Logger Pro calculates the uncertainty of the parameters in fitted lines and curves using all of the data points by means of standard curve fitting algorithms. Conceptually, as a fit parameter is less constrained by the data points, typically due to scatter of the points about the fitted line, the lower constraint is reflected in a larger uncertainty.

Some specific curricula use an alternate technique for estimating the minimum and maximum slope of a fitted line using only two points, the left- and right-most points, along with their uncertainty ranges. Logger Pro does not directly support this technique, but it can easily be performed for linear fits by using the Moveable Fit feature.

To do this,

  1. Construct a graph of your data with error bars plotted.
  2. Perform a standard linear fit to get the slope of the fit representing all the points.
  3. Choose Model from the Analyze menu, and select the linear equation; note the inserted helper object with slope and intercept displayed.
  4. Double click on the helper object and select the option for Enable Line Drag. The movable linear fit can now be adjusted by dragging one of the three handles on the line. The center handle adjusts the Y-intercept, the outer two handles can be used to rotate the line about the far edge. If the X axis is scaled from zero, then the right handle will control the slope while leaving the Y-intercept alone.
  5. Using the draggable line handles, move the line so that it runs from the top of the error bar on the left-most point to the bottom of the error bar on the right-most.

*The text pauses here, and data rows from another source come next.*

(* Every factorization curve $\psi_j:\mathbb{P}(V_j)\to\mathbb{P}(\mathfrak{h})$ of a complex factorization structure $\varphi:\mathfrak{h}\to V^*$ is injective.
   Context: $V_1,\ldots,V_m$ are 2-dimensional complex vector spaces, $V^*=V_1^*\otimes\cdots\otimes V_m^*$, $\ell^0$ the annihilator of a line $\ell$, and $\Sigma^0_{j,\ell}=V_1^*\otimes\cdots\otimes\ell^0\otimes\cdots\otimes V_m^*$ ($\ell^0$ in slot $j$). A factorization structure of dimension $m$ is an injective linear map $\varphi:\mathfrak{h}\to V^*$, $\dim\mathfrak{h}=m+1$, with $\dim(\varphi(\mathfrak{h})\cap\Sigma^0_{j,\ell})=1$ for all $j$ and all $\ell$ in a nonempty Zariski-open subset of $\mathbb{P}(V_j)$. The $j$-th factorization curve $\psi_j$ is the unique regular extension to $\mathbb{P}(V_j)$ of the generically defined regular map $\ell\mapsto\varphi^{-1}(\varphi(\mathfrak{h})\cap\Sigma^0_{j,\ell})$. *)

From HB Require Import structures.
From mathcomp Require Import all_boot all_order all_algebra.
From mathcomp Require Import reals.
From mathcomp.real_closed Require Import complex.

Set Implicit Arguments.
Unset Strict Implicit.
Unset Printing Implicit Defensive.

Import Order.TTheory GRing.Theory Num.Theory.
Local Open Scope ring_scope.

(* Conventions:
   - the complex numbers are R[i] for R : realType (the real numbers);
   - V_j = C^2 (row vectors 'rV_2), a point of P(V_j) is a nonzero u : 'rV_2,
     two representatives give the same point iff (u == v)%MS (same row space);
   - h = C^(m+1) ('rV_(m.+1)), a point of P(h) is a nonzero x : 'rV_(m.+1);
   - V^* = V_1^* (x) ... (x) V_m^* has coordinates T I, I : {ffun 'I_m -> 'I_2},
     w.r.t. the tensor products of the dual bases. *)

Section FactStruct.
Variable C : fieldType.

Definition midx (m : nat) := {ffun 'I_m -> 'I_2}.

Definition tensor (m : nat) := midx m -> C.

Definition setj (m : nat) (I : midx m) (j : 'I_m) (k : 'I_2) : midx m :=
  [ffun i => if i == j then k else I i].

(* the covector beta_u spanning the annihilator l^0 of the line l = [u]:
   beta_u(e_0) = u_1, beta_u(e_1) = - u_0, so beta_u(u) = 0 *)
Definition annih (u : 'rV[C]_2) (k : 'I_2) : C :=
  if k == 0 then u 0 1 else - u 0 0.

(* Sigma^0_{j,l} = V_1^* (x) .. (x) l^0 (x) .. (x) V_m^*, l = [u]:
   the tensors beta_u (x)_j S with S a tensor in the remaining m-1 factors
   (S is encoded as a tensor not depending on slot j). *)
Definition Sigma0 (m : nat) (j : 'I_m) (u : 'rV[C]_2) (T : tensor m) : Prop :=
  exists S : tensor m,
    (forall I k, S (setj I j k) = S I) /\
    (forall I, T I = annih u (I j) * S I).

(* phi : h -> V^* is linear; it is encoded by the column vectors
   c I : 'cV_(m+1) with  (phi x) I = (x *m c I) 0 0. *)
Definition phimap (m : nat) (c : midx m -> 'cV[C]_(m.+1))
  (x : 'rV[C]_(m.+1)) : tensor m := fun I => (x *m c I) 0 0.

Definition phi_injective (m : nat) (c : midx m -> 'cV[C]_(m.+1)) : Prop :=
  forall x y : 'rV[C]_(m.+1), phimap c x = phimap c y -> x = y.

Definition preimSigma (m : nat) (c : midx m -> 'cV[C]_(m.+1)) (j : 'I_m)
  (u : 'rV[C]_2) (x : 'rV[C]_(m.+1)) : Prop :=
  Sigma0 j u (phimap c x).

Definition dim_one (n : nat) (P : 'rV[C]_n -> Prop) : Prop :=
  exists x, [/\ x != 0, P x & forall y, P y -> exists a : C, y = a *: x].

(* Zariski-open subsets of P^1: complements of finite sets (or empty).
   [in_cofinite F u]: u represents a point of P^1 not in the finite set F *)
Definition in_cofinite (F : seq 'rV[C]_2) (u : 'rV[C]_2) : Prop :=
  u != 0 /\ forall v, v \in F -> ~~ (u == v)%MS.

Definition is_fact_struct (m : nat) (c : midx m -> 'cV[C]_(m.+1)) : Prop :=
  phi_injective c /\
  forall j : 'I_m, exists F : seq 'rV[C]_2,
    forall u, in_cofinite F u -> dim_one (preimSigma c j u).

Definition bform (d : nat) (a : 'rV[C]_(d.+1)) (u : 'rV[C]_2) : C :=
  \sum_(k < d.+1) a 0 k * u 0 0 ^+ k * u 0 1 ^+ (d - k).

(* regular maps P^1 -> P^(n-1), given on representatives: well defined on
   points, and locally (on a Zariski-open neighbourhood of each point) given by
   n homogeneous polynomials of a common degree with no common zero there. *)
Definition regular_P1 (n : nat) (psi : 'rV[C]_2 -> 'rV[C]_n) : Prop :=
  [/\ forall u, u != 0 -> psi u != 0,
      forall u v, u != 0 -> (u == v)%MS -> (psi u == psi v)%MS &
      forall u0, u0 != 0 ->
        exists (d : nat) (a : 'I_n -> 'rV[C]_(d.+1)) (F : seq 'rV[C]_2),
          in_cofinite F u0 /\
          forall u, in_cofinite F u ->
            let p := \row_(i < n) bform (a i) u in
            p != 0 /\ (psi u == p)%MS].

(* psi is a j-th factorization curve: a regular map P(V_j) -> P(h) extending
   the generically defined map l |-> phi^{-1}(phi(h) cap Sigma^0_{j,l}), i.e.
   agreeing with it on a nonempty Zariski-open subset of P(V_j). *)
Definition is_fact_curve (m : nat) (c : midx m -> 'cV[C]_(m.+1)) (j : 'I_m)
  (psi : 'rV[C]_2 -> 'rV[C]_(m.+1)) : Prop :=
  regular_P1 psi /\
  exists F : seq 'rV[C]_2, forall u, in_cofinite F u ->
    dim_one (preimSigma c j u) /\ preimSigma c j u (psi u).

End FactStruct.

From HB Require Import structures.
From mathcomp Require Import all_boot all_order all_algebra.
From mathcomp Require Import ring.
From mathcomp Require Import reals.
From mathcomp.real_closed Require Import complex.
From Stdlib Require Import FunctionalExtensionality.

(* A tensor of V^* that lies in Sigma^0_{j,[u]} is killed by contracting its
   j-th slot with u.  This closed condition on psi(u) passes from the generic
   lines, where psi(u) lies in Sigma^0_{j,[u]}, to every line: along an affine
   line u0 + t w in V_j the contraction of phi(psi(u)) with u is polynomial in
   t (psi is locally given by binary forms), and it vanishes for all but
   finitely many t.  If now psi(u) and psi(v) are proportional with
   [u] <> [v], the tensor phi(psi(u)) is killed by contraction with both u and
   v, which span V_j, so it vanishes; injectivity of phi then forces
   psi(u) = 0, which is excluded. *)

Set Implicit Arguments.
Unset Strict Implicit.
Unset Printing Implicit Defensive.

Import Order.TTheory GRing.Theory Num.Theory.
Local Open Scope ring_scope.

Lemma ord2_cases (k : 'I_2) : k = 0 \/ k = 1.
Proof. by case: k => [[|[|//]]] Hk; [left | right]; apply: val_inj. Qed.

Section Det2.
Variable C : fieldType.
Implicit Types u v w : 'rV[C]_2.

Definition det2 u v := u 0 0 * v 0 1 - u 0 1 * v 0 0.

Lemma det2_kernel u v (x0 x1 : C) : det2 u v != 0 ->
  u 0 0 * x0 + u 0 1 * x1 = 0 -> v 0 0 * x0 + v 0 1 * x1 = 0 ->
  x0 = 0 /\ x1 = 0.
Proof.
move=> nz_d hu hv.
have e0 : x0 * det2 u v = v 0 1 * (u 0 0 * x0 + u 0 1 * x1)
                         - u 0 1 * (v 0 0 * x0 + v 0 1 * x1).
  by rewrite /det2; ring.
have e1 : x1 * det2 u v = u 0 0 * (v 0 0 * x0 + v 0 1 * x1)
                         - v 0 0 * (u 0 0 * x0 + u 0 1 * x1).
  by rewrite /det2; ring.
rewrite hu hv !mulr0 subrr in e0 e1.
by split; apply/eqP; rewrite -(mulIr_eq0 _ (mulIf nz_d)) ?e0 ?e1.
Qed.

Lemma det2_swap u v : det2 v u = - det2 u v.
Proof. by rewrite /det2; ring. Qed.

Lemma rV2_eq0 v : v 0 0 = 0 -> v 0 1 = 0 -> v = 0.
Proof. by move=> h0 h1; apply/rowP => k; rewrite mxE; case: (ord2_cases k) => ->. Qed.

Lemma submx_det2 u v : (u <= v)%MS -> det2 u v = 0.
Proof. by case/sub_rVP => a ->; rewrite /det2 !mxE; ring. Qed.

Lemma det2_eq0_submx u v : v != 0 -> det2 u v = 0 -> (u <= v)%MS.
Proof.
move=> nz_v d0; apply/sub_rVP.
have [v0 | nz_v0] := eqVneq (v 0 0) 0.
- have nz_v1 : v 0 1 != 0 by apply: contra_neq nz_v; exact: rV2_eq0.
  exists (u 0 1 / v 0 1); apply/rowP => k; rewrite !mxE.
  case: (ord2_cases k) => ->; last by rewrite divfK.
  move/eqP: d0; rewrite /det2 v0 mulr0 subr0 mulf_eq0 (negPf nz_v1) orbF => /eqP ->.
  by rewrite mulr0.
- exists (u 0 0 / v 0 0); apply/rowP => k; rewrite !mxE.
  case: (ord2_cases k) => ->; first by rewrite divfK.
  apply: (mulIf nz_v0); rewrite mulrAC divfK //.
  by move/eqP: d0; rewrite subr_eq0 mulrC => /eqP ->; rewrite mulrC.
Qed.

Lemma det2_eq0_eqmx u v : u != 0 -> v != 0 -> det2 u v = 0 -> (u == v)%MS.
Proof.
move=> nz_u nz_v d0; apply/andP; split; apply: det2_eq0_submx => //.
by rewrite det2_swap d0 oppr0.
Qed.

Lemma det2_complement u : u != 0 -> exists w, det2 u w != 0.
Proof.
move=> nz_u; have [u0 | nz_u0] := eqVneq (u 0 0) 0.
- exists (\row_k (k == 0)%:R); rewrite /det2 !mxE /= u0 mul0r sub0r mulr1 oppr_eq0.
  by apply: contra_neq nz_u; exact: rV2_eq0.
- by exists (\row_k (k == 1)%:R); rewrite /det2 !mxE /= mulr1 mulr0 subr0.
Qed.

End Det2.

Section PolyAlongLine.
Variable C : numFieldType.
Variables u0 w : 'rV[C]_2.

The slope of this line is your minimum slope.
  6. Add another Model and set it to use line drag.
  7. Using the draggable line handles, move the line so that it runs from the bottom of the error bar on the left-most point to the top of the error bar on the right-most. The slope of this line is your maximum slope.

Note that if the whole set of points is used for determining the best slope, and the above method is used to determine the min and max slopes, it is possible to have the best slope not be between the min and max slopes. This can happen since the min and max are determined using only two points, and not all the data.